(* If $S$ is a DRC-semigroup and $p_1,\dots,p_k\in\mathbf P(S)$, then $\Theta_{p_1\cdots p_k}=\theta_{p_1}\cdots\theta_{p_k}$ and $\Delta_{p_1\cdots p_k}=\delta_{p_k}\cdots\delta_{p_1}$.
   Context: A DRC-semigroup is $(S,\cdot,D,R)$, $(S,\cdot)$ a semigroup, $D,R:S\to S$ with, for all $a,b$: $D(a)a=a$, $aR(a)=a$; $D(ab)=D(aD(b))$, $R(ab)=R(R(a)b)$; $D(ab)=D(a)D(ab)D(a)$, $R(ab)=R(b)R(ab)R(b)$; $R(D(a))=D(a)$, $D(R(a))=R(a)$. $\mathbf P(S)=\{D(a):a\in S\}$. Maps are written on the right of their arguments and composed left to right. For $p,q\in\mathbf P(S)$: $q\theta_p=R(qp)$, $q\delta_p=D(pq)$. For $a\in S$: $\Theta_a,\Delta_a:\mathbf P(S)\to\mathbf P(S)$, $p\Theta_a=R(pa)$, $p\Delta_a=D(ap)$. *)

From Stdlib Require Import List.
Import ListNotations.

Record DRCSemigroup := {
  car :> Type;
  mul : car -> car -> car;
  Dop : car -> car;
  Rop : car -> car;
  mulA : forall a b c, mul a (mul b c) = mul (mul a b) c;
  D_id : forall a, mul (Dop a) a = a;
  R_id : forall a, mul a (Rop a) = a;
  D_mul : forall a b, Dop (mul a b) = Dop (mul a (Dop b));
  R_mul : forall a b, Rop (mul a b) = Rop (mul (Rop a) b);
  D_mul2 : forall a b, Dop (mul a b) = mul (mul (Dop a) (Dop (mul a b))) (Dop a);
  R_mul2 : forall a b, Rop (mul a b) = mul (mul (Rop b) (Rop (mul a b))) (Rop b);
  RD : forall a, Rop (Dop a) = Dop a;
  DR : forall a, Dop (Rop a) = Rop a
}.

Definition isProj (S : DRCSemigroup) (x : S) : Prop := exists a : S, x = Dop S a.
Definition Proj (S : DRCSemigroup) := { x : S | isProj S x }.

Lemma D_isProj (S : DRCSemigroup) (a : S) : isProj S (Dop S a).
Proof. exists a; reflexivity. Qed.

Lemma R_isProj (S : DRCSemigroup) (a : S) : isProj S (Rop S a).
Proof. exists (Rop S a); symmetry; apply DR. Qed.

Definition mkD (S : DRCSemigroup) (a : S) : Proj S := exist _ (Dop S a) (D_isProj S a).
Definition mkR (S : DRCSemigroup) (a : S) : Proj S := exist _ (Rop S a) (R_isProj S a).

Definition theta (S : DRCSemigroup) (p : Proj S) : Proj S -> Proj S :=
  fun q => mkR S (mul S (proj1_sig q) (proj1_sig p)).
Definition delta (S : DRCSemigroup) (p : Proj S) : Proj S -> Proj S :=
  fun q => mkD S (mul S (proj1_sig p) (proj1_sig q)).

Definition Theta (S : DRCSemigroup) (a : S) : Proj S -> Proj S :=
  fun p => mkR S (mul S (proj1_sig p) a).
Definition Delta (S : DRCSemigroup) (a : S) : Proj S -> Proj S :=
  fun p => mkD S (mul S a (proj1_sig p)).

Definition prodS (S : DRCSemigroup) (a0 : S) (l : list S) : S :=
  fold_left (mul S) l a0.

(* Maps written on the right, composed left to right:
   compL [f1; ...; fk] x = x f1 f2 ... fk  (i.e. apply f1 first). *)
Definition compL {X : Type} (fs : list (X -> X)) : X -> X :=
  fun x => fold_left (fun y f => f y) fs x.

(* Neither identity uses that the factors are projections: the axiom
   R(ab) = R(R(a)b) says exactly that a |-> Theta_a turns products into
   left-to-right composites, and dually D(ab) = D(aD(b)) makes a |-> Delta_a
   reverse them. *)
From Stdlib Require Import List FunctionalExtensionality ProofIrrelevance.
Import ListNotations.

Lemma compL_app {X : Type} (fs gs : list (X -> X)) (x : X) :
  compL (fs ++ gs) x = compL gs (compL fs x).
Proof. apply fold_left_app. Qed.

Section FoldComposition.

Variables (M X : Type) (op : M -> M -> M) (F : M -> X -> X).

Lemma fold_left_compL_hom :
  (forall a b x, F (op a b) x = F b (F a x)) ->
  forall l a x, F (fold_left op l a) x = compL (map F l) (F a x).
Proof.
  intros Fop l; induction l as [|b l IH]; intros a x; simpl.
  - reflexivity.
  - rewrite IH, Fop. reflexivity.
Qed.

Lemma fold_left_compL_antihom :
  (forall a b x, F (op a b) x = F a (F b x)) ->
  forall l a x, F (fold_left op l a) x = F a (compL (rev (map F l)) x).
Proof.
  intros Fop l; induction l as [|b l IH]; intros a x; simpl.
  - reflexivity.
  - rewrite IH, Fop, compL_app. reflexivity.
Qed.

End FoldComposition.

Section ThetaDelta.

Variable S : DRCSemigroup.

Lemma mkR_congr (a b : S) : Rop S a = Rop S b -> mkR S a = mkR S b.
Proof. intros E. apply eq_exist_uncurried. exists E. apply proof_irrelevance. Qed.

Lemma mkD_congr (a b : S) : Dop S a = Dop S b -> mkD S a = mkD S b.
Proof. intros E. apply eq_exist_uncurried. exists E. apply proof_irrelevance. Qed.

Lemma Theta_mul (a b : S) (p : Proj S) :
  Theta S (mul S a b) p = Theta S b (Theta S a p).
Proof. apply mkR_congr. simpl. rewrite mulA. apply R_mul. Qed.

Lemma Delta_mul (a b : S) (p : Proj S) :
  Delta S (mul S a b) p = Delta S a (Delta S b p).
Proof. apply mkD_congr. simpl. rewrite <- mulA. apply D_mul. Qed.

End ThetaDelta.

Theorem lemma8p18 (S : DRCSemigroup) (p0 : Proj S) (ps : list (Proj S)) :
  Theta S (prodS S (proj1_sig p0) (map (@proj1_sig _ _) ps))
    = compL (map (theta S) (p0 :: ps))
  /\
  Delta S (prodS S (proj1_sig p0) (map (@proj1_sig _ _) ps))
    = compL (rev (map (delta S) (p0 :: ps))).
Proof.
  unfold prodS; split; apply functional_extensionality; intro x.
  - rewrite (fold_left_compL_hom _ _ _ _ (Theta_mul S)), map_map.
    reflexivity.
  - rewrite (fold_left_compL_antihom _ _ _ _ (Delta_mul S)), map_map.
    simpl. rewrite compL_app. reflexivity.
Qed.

========

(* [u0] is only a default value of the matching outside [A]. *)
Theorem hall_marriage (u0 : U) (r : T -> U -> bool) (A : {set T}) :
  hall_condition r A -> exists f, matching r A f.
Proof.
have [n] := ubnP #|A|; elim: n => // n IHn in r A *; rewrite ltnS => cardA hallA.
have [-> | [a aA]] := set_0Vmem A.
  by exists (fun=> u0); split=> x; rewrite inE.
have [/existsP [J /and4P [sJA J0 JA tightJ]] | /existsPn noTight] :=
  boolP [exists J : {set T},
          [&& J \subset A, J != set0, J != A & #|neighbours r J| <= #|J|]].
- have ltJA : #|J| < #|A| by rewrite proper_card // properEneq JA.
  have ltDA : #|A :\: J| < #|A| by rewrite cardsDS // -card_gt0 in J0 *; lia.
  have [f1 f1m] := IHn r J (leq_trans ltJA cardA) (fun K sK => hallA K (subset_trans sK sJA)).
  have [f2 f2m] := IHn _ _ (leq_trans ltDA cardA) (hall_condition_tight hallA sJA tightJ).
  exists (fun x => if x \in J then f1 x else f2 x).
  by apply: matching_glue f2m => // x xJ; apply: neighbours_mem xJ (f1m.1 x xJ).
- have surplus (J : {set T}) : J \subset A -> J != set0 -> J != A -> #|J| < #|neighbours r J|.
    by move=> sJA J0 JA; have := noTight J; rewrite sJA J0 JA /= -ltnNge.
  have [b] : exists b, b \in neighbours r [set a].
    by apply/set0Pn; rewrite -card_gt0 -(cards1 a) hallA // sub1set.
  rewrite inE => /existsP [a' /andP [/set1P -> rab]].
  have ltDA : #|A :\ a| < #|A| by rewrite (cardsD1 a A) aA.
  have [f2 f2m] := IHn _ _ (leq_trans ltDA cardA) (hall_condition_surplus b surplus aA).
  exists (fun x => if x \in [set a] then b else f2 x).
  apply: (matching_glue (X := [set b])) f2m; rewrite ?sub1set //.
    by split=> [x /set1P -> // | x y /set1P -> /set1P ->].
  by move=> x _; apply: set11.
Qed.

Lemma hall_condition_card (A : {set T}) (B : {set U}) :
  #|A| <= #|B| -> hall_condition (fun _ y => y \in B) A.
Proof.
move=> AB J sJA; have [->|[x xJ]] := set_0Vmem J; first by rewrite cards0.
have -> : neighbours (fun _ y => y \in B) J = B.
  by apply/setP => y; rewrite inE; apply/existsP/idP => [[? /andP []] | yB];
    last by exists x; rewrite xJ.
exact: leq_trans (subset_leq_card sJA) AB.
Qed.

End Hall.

========

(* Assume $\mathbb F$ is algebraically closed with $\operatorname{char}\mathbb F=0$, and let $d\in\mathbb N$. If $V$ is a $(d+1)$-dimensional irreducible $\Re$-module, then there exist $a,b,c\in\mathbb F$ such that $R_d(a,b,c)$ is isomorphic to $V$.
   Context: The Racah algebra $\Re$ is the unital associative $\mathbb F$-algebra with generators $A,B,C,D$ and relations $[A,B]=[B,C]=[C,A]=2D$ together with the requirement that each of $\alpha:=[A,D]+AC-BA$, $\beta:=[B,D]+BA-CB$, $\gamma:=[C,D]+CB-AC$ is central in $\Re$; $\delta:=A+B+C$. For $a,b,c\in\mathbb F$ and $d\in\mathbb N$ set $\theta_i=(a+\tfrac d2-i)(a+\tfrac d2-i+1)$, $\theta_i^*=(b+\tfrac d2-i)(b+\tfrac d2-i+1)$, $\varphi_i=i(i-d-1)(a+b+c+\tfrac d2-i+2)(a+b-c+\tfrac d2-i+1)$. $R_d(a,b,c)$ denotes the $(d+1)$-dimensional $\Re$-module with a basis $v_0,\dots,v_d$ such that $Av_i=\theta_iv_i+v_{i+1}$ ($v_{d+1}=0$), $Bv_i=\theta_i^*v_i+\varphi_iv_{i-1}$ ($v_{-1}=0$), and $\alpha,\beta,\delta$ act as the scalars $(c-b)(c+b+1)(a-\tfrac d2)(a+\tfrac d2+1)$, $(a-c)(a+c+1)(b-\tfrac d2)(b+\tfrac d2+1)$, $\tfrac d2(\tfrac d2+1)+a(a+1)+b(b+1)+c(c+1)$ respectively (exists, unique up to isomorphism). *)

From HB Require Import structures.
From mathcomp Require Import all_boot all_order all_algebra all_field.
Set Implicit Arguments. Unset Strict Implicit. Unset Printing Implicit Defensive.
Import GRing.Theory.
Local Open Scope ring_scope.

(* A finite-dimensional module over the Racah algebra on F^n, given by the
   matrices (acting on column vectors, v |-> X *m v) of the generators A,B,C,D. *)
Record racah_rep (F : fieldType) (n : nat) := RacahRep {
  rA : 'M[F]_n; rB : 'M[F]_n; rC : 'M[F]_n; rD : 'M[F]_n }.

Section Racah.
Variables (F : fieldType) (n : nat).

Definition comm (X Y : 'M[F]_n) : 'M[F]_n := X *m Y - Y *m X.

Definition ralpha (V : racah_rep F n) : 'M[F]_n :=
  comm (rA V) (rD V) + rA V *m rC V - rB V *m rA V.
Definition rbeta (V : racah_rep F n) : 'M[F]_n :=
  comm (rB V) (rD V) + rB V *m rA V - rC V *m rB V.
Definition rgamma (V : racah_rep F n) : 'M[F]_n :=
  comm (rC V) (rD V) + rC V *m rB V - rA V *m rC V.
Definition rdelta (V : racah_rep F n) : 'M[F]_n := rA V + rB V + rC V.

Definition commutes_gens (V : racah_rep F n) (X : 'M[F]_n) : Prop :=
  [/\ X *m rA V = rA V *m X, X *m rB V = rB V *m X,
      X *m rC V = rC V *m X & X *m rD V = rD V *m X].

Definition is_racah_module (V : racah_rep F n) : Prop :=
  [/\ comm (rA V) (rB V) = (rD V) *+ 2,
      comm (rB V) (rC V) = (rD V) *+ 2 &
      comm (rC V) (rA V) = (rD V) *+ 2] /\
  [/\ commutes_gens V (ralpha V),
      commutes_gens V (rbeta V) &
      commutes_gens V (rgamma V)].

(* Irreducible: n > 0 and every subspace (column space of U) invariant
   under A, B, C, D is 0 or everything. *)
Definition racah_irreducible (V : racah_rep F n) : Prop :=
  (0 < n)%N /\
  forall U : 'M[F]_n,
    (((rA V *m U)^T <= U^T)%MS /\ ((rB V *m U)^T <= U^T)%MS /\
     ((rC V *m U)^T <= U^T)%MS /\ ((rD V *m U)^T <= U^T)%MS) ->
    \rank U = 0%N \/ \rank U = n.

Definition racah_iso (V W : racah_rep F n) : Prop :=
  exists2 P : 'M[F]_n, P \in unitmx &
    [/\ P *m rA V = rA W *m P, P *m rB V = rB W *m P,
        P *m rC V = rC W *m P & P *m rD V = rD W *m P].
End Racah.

========

== TASK ITEM ==
Send back exactly the lines of the listing above starting at the one with "Theorem lemma8p18 (S" and ending at the one with "Delta S (prodS", inclusive, and no others.

== THE COMPLETED TASK ==
Theorem lemma8p18 (S : DRCSemigroup) (p0 : Proj S) (ps : list (Proj S)) :
  Theta S (prodS S (proj1_sig p0) (map (@proj1_sig _ _) ps))
    = compL (map (theta S) (p0 :: ps))
  /\
  Delta S (prodS S (proj1_sig p0) (map (@proj1_sig _ _) ps))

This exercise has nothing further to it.